Now, for time signatures: this is mainly a convention to make written music readable by defining segments (aka bars) and define how many, e.g., quarter notes are in one such bar. We could define to have three quarter notes in one bar, and we’d get a 3/4 time signature. Similarly, we could say 4 quarter notes make up a bar, or 5 or 6 etc - and, consequently, we would get the time signatures of 4/4, 5/4, 6/4 and so on. Why do we need different time signatures? Because they have different feels!
I am sure you have heard a waltz!? It is mostly in 3/4 and has a strong beat and two weaker beats per bar, such that it sounds/feels like DUM da da, DUM da da, DUM da da, …
Most rock music is in 4/4 and there are typically alternating strong and weak beats (also often referred to as down and up beats): DUM da DUM da, DUM da DUM da, …
The main theme of “Mission Impossible” is in 5/4 - it could be written in 4/4, but then one repetition of the motif wouldn’t fit in one bar, which is, if nothing else, awkward to read for the musicians.
Maybe what is confusing is that we say the time signature is “three quarters”, but really we mean “three pulses of a certain duration (that we call quarters)” - quarters are just the unit here!
And, by the way, a whole note would NOT fit into one bar when the time signature is 3/4 - but you can still have a whole note in that time signature - it would just “spill over” into the next bar
- The notation system is independent of the instruments - one position in the stave corresponds to exactly one note. The confusion comes from the fact that on a piano there is only exactly one way to generate that note, whereas on a bass (or guitar) the same note can often (but not always) be generated by different frets on different strings. So, yes, the C on the 8th fret of the E string and the C on the 3rd fret of the A string are the same C (i.e., are described by the same position in the stave/notation). That is NOT a coincidence - it is a consequence of the fact that the strings are tuned the way they are (E - A - D - G); every next string is a fourth (the interval) up from the string before. You could also say that the range of notes you can play on the strings overlap - otherwise you’d have to go all the way up to the “end” of the first string and start back down at the “beginning” of the next string to play all notes in sequence. Apart from the fact that strings instruments don’t work that way from a physical point of view, it would be super impractical.

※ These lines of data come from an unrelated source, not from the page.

Definition cops_move k (c c' : {ffun 'I_k -> T}) : Prop :=
  forall i, c' i = c i \/ e (c i) (c' i).

Definition robber_move k (c : {ffun 'I_k -> T}) (r r' : T) : Prop :=
  r \notin codom c /\
  connect [rel x y | e x y && (y \notin codom c)] r r'.

(* cwin c r : it is the cops' turn, cops at c, robber at r, and the cops
   can force a capture in finitely many rounds (least fixed point). *)
Inductive cwin k : {ffun 'I_k -> T} -> T -> Prop :=
| cwin_step (c c' : {ffun 'I_k -> T}) (r : T) :
    cops_move c c' ->
    ((exists i, c' i = r) \/
     (forall r', robber_move c' r r' -> cwin c' r')) ->
    cwin c r.

Definition cops_win (k : nat) : Prop :=
  exists c0 : {ffun 'I_k -> T}, forall r0 : T, cwin c0 r0.

Lemma cops_win_card : cops_win #|T|.
Proof.
exists [ffun i => enum_val i] => r.
apply: (@cwin_step _ [ffun i => enum_val i] [ffun i => enum_val i] r).
  by move=> i; left.
by left; exists (enum_rank r); rewrite ffunE enum_rankK.
Qed.

Definition cops_winb (k : nat) : bool :=
  if excluded_middle_informative (cops_win k) then true else false.

Lemma cops_winb_ex : exists k, cops_winb k.
Proof.
exists #|T|; rewrite /cops_winb.
by case: excluded_middle_informative => // H; exfalso; apply: H; exact: cops_win_card.
Qed.

Definition c_infty : nat := ex_minn cops_winb_ex.

End Graph.

From HB Require Import structures.
From mathcomp Require Import all_boot all_order all_algebra.
From Stdlib Require Import Classical ClassicalEpsilon.
From mathcomp Require Import zify lra.
Import Order.TTheory GRing.Theory Num.Theory.
Set Implicit Arguments. Unset Strict Implicit.

(* Suppose k cops win. If every cop position c left, in G - N[c], a connected
   set of more than n/2 vertices, the robber could stay in such a set forever:
   the cops' next position c' lies in N[c], so the current set L is still
   cop-free, and L meets the large set for c', into which she walks within L.
   Hence some position c leaves only components of size at most n/2 outside
   Y = N[c], where |Y| <= k(Δ+1). Cutting V \ Y into such pieces gives
   ι_e |V \ Y| <= |∂(V \ Y)| <= kΔ(Δ-1), since every boundary edge joins a
   neighbour of a cop to one of its other Δ-1 neighbours. For ι_v, a maximal
   union S of components with |S| <= n/2 has N(S) \ S among the cop
   neighbours, so ι_v |S| <= kΔ, while |V \ Y| <= 3|S| and either S = V \ Y
   or |S| > n/4. *)

Lemma card_bigcup_leq (I U : finType) (P : pred I) (F : I -> {set U}) :
  #|\bigcup_(i | P i) F i| <= \sum_(i | P i) #|F i|.
Proof.
elim/big_rec2: _ => [|i s A _ h]; first by rewrite cards0.
by apply: leq_trans (leq_card_setU _ _).1 _; rewrite leq_add2l.
Qed.

Lemma leq_sum_const (I : finType) (P : pred I) (F : I -> nat) m :
  (forall i, P i -> F i <= m) -> \sum_(i | P i) F i <= #|P| * m.
Proof. by move=> h; rewrite -sum_nat_const leq_sum. Qed.

Lemma leq_sum_ord_const n (F : 'I_n -> nat) m :
  (forall i, F i <= m) -> \sum_(i < n) F i <= n * m.
Proof.
move=> h; apply: (@leq_trans (\sum_(i < n) m)); first exact: leq_sum.
by rewrite sum_nat_const card_ord.
Qed.

Lemma cardsU_disjoint (U : finType) (A B : {set U}) :
  [disjoint A & B] -> #|A :|: B| = #|A| + #|B|.
Proof. by move=> hAB; apply/eqP; rewrite (leq_card_setU A B).2. Qed.

Lemma half_sets_meet (U : finType) (A B : {set U}) :
  #|U| < 2 * #|A| -> #|U| < 2 * #|B| -> A :&: B != set0.
Proof.
move=> hA hB; apply/negP => /eqP hAB.
have := cardsUI A B; rewrite hAB cards0 addn0 => hU.
by have := max_card (A :|: B); rewrite hU; lia.
Qed.

Section Game.
Variables (T : finType) (e : rel T).

(* [cwin_ind] gives no induction hypothesis under the disjunction. *)
Lemma cwin_nested_ind k (P : {ffun 'I_k -> T} -> T -> Prop) :
  (forall c c' r, cops_move e c c' ->
     (exists i, c' i = r) \/ (forall r', robber_move e c' r r' -> P c' r') ->
     P c r) ->
  forall c r, cwin e c r -> P c r.
Proof.
move=> H; fix IH 3 => c r [{}c c' {}r hm hor].
apply: (H _ c') => //; case: hor => [h|h]; [by left | right].
by move=> r' hr'; apply: IH; apply: h.
Qed.

Definition cops_nbhd k (c : {ffun 'I_k -> T}) : {set T} :=
  [set y | [exists i, (c i == y) || e (c i) y]].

And, there should be ledgers also in music for bass and guitar. Perhaps, you were looking at tabs (tabular notation)?? Tabs don’t use ledgers.
- OK, sorry, I am rambling a bit. Yes, fretboard knowledge is essential! You got it absolutely right, that playing is often more across the strings (vertical) instead of along one string (horizontal) (see also my reply to #2). This knowledge can be gained by practice, quizzes/tests, and - as you say - by combining sight reading with finding out where you are on the fretboard.
As for fast sight-reading - in my own experience: many bass players learn what they play by heart, and rarely come into a situation where you’d have to sight-read a new piece.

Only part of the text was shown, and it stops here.